§ **Problem details**
A verbatim copy of the line containing "Fc)^T, fc ic 0)" and all lines after it, up to and including the final line of the records, is the only acceptable output.
· · ·
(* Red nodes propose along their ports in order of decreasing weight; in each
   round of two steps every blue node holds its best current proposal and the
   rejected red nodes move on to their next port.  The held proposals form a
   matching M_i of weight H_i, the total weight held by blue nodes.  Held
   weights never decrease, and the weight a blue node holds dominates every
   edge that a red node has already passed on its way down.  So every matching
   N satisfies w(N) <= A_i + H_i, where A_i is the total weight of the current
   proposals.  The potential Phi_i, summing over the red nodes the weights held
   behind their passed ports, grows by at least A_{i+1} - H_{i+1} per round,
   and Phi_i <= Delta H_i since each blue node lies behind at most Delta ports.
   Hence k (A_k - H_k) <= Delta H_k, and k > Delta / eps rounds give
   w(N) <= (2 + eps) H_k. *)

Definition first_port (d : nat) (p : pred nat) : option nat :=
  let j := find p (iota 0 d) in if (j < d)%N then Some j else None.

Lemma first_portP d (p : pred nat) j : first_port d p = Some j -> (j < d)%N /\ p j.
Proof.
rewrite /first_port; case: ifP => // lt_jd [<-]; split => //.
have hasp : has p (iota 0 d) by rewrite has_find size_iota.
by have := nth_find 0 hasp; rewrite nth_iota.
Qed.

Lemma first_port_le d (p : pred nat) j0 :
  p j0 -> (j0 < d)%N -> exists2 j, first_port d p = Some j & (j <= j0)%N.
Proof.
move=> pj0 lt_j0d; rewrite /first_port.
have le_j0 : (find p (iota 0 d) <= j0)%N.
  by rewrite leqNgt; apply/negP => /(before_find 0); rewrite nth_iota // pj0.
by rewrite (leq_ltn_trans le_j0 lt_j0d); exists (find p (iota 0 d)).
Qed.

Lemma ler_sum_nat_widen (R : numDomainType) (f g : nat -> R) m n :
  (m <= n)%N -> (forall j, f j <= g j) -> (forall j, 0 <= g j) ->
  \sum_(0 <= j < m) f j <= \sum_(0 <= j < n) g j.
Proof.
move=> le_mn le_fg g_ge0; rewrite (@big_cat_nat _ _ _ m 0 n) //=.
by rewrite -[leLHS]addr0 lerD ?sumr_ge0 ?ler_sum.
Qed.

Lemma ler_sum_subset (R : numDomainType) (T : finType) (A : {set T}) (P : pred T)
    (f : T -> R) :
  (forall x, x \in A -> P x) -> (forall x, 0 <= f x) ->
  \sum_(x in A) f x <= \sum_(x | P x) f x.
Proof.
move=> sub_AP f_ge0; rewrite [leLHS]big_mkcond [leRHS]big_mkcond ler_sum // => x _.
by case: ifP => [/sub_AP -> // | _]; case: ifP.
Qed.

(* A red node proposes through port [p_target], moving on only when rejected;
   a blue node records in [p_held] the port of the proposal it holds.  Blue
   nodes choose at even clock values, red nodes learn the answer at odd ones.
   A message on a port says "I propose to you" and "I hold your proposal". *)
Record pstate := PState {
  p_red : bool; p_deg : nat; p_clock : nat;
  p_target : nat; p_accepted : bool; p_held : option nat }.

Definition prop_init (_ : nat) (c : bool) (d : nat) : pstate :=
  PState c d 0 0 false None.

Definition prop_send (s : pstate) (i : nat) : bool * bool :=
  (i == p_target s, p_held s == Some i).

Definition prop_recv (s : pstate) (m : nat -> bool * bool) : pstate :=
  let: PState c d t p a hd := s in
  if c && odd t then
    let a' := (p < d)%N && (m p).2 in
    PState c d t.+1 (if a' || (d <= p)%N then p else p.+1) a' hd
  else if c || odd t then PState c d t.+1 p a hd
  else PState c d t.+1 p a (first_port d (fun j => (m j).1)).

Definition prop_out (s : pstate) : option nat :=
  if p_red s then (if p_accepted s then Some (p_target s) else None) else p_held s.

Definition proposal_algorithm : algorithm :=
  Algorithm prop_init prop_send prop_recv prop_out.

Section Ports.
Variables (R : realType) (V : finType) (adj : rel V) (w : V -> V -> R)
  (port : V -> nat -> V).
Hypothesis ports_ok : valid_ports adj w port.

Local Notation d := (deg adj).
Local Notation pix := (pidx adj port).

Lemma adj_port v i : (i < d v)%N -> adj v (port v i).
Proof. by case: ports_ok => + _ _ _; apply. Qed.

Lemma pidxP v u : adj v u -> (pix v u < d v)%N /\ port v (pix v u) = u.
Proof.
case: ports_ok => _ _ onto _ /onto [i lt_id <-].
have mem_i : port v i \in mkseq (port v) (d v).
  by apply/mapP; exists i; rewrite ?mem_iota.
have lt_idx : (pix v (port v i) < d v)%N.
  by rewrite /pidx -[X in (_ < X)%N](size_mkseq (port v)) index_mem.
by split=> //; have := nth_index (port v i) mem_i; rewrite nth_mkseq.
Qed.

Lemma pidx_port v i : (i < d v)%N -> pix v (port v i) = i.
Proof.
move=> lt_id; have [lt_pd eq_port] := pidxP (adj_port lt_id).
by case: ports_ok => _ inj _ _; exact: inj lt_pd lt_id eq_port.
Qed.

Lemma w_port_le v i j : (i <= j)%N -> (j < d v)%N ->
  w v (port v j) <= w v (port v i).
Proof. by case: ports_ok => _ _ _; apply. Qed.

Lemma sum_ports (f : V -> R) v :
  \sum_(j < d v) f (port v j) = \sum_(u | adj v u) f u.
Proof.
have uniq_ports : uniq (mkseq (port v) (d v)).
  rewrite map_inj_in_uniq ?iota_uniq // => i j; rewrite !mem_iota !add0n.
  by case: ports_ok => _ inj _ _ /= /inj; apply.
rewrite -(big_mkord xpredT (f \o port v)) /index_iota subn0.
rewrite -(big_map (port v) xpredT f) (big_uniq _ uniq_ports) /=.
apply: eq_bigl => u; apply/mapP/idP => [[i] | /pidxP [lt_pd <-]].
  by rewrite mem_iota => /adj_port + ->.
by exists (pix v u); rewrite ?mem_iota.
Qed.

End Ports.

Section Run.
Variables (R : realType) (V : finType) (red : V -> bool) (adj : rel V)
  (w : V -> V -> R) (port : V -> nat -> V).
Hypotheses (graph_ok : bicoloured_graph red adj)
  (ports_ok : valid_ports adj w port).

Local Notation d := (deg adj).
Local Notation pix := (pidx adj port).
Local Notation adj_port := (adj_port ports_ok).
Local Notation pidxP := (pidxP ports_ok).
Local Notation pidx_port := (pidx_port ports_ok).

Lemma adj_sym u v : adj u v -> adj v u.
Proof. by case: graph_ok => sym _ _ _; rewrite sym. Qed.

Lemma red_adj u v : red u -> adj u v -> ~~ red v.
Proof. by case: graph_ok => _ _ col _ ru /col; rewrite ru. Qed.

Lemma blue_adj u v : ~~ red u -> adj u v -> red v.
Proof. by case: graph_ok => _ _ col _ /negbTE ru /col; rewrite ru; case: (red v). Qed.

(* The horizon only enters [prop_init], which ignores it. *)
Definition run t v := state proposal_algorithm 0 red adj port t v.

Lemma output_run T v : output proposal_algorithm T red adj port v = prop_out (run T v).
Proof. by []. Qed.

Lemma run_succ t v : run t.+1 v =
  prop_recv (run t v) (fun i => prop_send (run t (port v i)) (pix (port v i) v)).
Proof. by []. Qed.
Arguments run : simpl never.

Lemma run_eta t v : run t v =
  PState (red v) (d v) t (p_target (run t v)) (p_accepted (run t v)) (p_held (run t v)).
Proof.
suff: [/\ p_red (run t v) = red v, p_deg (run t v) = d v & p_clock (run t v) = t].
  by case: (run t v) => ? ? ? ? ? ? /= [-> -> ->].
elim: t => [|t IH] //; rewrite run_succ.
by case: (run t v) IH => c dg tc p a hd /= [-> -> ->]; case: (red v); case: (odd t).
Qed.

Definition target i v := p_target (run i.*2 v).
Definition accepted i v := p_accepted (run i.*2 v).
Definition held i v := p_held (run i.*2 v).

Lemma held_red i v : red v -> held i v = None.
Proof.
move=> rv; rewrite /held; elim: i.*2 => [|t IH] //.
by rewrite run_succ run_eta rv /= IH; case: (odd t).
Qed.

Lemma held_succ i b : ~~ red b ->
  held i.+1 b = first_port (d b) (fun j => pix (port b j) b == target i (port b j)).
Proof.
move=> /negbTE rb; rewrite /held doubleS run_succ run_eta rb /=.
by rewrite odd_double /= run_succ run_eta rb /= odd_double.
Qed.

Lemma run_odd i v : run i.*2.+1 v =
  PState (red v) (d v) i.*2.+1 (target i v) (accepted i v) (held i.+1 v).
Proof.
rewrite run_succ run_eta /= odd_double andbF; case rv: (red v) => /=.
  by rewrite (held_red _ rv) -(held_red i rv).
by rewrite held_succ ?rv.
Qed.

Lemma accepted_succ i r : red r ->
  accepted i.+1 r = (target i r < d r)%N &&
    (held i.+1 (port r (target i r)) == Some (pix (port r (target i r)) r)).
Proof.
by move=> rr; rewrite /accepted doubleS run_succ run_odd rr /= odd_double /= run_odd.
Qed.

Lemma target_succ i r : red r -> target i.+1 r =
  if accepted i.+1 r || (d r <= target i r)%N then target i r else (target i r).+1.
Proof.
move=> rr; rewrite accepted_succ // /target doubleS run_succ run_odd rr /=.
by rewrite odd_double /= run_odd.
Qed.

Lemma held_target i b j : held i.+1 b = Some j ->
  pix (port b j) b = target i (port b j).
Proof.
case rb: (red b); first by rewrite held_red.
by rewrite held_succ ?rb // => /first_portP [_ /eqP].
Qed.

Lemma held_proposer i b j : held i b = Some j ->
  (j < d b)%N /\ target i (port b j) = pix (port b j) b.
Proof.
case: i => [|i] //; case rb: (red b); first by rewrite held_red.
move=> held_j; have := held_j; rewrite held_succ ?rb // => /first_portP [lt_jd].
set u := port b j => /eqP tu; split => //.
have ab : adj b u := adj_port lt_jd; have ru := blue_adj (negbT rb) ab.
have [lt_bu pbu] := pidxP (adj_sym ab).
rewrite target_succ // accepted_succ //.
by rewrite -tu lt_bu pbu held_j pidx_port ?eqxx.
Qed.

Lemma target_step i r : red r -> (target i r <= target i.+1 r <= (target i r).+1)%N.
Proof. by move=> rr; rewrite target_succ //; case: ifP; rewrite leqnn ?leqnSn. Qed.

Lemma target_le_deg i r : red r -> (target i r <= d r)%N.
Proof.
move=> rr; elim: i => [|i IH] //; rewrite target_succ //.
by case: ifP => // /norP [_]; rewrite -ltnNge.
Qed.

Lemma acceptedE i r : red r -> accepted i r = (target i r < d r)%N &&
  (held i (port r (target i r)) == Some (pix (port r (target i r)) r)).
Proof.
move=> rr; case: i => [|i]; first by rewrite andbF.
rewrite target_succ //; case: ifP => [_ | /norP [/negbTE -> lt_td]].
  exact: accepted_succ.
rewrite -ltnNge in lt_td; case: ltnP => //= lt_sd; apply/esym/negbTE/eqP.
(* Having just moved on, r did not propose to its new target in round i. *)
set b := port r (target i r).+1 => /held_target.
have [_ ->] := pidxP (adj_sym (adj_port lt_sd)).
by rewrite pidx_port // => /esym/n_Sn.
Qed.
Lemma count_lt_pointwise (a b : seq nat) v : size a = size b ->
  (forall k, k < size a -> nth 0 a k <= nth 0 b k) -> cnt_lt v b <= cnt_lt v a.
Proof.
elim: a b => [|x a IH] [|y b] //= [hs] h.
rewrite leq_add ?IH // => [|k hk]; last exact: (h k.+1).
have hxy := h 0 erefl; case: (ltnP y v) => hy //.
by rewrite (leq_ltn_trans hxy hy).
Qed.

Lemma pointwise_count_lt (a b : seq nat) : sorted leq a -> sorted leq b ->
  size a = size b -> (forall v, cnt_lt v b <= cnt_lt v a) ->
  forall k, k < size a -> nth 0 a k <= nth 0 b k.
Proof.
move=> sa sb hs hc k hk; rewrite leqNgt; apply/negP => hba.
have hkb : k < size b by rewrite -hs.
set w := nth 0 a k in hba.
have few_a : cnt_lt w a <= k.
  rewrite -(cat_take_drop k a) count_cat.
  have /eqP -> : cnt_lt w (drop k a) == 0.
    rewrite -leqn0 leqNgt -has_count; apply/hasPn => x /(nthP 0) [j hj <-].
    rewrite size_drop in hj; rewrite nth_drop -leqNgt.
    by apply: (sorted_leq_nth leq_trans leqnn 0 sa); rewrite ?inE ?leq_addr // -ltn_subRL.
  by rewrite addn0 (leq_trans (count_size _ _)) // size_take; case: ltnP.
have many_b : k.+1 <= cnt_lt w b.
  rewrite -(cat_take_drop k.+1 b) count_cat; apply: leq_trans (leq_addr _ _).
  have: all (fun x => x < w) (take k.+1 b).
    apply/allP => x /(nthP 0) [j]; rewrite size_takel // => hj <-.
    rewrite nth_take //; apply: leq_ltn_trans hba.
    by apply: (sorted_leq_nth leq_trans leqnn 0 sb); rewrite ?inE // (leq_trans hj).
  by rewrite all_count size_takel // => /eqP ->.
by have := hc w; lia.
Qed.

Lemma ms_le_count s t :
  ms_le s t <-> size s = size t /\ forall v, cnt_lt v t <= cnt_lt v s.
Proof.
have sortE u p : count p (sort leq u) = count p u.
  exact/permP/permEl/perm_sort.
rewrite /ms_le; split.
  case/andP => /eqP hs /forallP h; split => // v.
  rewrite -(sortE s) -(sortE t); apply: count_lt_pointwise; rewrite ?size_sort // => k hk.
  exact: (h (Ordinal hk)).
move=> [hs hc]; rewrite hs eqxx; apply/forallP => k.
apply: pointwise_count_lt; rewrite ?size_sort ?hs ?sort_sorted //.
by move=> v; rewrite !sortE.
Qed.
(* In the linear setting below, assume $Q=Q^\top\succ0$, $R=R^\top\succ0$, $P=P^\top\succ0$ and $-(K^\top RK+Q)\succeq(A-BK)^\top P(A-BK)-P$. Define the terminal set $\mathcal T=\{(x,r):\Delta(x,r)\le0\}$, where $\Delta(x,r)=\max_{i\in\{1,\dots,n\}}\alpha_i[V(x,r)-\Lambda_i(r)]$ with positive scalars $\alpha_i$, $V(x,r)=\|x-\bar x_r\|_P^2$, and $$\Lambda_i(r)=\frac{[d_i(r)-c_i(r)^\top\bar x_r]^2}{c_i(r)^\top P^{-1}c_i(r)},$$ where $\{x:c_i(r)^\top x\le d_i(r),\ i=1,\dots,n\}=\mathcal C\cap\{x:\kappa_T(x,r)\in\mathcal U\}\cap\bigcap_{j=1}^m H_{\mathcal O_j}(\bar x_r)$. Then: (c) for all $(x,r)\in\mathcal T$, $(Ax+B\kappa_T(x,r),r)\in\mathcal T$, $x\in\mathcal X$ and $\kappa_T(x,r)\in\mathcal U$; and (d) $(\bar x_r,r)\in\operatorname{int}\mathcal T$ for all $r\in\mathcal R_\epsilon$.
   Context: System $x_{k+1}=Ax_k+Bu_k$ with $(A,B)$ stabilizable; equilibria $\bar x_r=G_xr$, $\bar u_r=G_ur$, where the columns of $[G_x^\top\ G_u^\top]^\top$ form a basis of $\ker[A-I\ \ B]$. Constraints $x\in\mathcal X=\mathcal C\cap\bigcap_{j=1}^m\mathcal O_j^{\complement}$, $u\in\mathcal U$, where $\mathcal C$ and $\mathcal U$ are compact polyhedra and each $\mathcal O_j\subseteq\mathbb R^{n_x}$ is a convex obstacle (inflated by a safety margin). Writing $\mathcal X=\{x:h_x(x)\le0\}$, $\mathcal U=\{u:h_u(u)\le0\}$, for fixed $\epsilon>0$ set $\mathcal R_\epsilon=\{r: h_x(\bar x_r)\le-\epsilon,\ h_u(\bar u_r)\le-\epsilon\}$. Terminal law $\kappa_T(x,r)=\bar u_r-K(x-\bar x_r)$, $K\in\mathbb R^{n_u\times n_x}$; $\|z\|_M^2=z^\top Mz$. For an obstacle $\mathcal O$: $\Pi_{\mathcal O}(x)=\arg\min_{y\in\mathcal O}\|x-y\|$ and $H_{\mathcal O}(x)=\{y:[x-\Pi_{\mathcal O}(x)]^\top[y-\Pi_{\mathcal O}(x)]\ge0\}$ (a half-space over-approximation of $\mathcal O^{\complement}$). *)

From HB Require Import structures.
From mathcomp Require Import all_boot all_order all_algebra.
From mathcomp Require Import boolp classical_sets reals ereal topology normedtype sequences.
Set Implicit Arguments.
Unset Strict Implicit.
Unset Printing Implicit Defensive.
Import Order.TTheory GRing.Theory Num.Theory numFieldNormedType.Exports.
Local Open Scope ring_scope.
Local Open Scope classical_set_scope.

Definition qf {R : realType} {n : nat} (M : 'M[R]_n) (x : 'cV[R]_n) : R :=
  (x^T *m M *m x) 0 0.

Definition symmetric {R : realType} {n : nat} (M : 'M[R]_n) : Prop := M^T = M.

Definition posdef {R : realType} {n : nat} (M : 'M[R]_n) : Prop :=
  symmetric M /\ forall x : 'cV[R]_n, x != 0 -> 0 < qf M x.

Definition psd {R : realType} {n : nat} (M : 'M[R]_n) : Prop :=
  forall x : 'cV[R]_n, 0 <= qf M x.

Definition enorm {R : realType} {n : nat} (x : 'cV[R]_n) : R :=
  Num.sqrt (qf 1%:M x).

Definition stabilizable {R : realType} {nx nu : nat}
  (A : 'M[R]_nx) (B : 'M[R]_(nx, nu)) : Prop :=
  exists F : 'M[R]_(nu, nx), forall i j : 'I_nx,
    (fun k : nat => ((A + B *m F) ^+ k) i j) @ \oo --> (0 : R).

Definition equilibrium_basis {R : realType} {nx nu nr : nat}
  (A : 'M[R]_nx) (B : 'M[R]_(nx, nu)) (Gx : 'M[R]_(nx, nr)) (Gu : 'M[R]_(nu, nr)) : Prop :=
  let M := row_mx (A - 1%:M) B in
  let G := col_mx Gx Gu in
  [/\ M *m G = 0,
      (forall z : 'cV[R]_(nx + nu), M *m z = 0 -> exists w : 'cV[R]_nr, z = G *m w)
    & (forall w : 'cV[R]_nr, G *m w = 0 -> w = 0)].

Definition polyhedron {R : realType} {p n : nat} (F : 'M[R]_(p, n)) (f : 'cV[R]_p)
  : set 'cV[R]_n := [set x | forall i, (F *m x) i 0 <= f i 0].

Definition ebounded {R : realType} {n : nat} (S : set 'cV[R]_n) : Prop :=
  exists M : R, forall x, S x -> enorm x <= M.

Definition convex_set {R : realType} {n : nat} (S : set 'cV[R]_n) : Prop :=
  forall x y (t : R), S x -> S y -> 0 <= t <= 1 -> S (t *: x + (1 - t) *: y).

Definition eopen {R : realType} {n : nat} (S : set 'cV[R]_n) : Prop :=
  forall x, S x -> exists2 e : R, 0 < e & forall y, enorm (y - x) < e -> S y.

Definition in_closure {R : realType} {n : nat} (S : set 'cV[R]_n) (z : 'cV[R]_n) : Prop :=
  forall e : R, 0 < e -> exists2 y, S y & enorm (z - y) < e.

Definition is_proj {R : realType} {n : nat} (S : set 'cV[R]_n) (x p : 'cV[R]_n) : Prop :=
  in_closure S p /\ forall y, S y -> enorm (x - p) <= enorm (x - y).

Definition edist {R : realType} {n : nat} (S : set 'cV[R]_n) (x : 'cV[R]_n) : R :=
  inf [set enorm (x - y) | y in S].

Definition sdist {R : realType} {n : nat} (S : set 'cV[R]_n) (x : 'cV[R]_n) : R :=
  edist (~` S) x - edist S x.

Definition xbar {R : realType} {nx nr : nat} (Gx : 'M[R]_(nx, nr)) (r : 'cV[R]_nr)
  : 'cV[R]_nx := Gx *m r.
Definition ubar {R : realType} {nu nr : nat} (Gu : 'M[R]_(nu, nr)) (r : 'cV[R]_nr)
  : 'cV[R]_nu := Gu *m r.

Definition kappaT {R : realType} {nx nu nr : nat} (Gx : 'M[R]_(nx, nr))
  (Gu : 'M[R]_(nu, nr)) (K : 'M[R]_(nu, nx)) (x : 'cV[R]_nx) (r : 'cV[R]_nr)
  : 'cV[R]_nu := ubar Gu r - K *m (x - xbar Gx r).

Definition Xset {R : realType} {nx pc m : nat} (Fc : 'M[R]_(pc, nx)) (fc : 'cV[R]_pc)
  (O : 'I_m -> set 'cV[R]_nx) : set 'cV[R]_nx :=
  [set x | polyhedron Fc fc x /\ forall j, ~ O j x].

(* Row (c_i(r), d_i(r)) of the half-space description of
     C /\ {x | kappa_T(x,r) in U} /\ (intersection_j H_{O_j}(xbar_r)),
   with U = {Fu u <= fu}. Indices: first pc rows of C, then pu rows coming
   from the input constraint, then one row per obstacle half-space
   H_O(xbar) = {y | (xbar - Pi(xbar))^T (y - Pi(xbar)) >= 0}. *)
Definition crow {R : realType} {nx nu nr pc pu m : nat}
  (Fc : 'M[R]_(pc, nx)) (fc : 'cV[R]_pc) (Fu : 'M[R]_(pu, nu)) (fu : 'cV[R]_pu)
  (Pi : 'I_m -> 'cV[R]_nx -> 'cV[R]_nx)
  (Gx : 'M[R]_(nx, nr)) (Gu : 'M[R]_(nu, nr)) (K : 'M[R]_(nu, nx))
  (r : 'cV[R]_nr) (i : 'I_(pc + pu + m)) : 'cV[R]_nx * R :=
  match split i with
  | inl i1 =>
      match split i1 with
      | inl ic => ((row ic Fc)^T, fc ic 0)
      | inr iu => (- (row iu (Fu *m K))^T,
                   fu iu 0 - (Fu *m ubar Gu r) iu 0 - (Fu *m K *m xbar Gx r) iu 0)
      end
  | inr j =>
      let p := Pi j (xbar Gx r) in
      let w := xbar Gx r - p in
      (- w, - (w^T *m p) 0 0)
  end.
· · ·
§ **Task solution**
      | inl ic => ((row ic Fc)^T, fc ic 0)
      | inr iu => (- (row iu (Fu *m K))^T,
                   fu iu 0 - (Fu *m ubar Gu r) iu 0 - (Fu *m K *m xbar Gx r) iu 0)
      end
  | inr j =>
      let p := Pi j (xbar Gx r) in
      let w := xbar Gx r - p in
      (- w, - (w^T *m p) 0 0)
  end.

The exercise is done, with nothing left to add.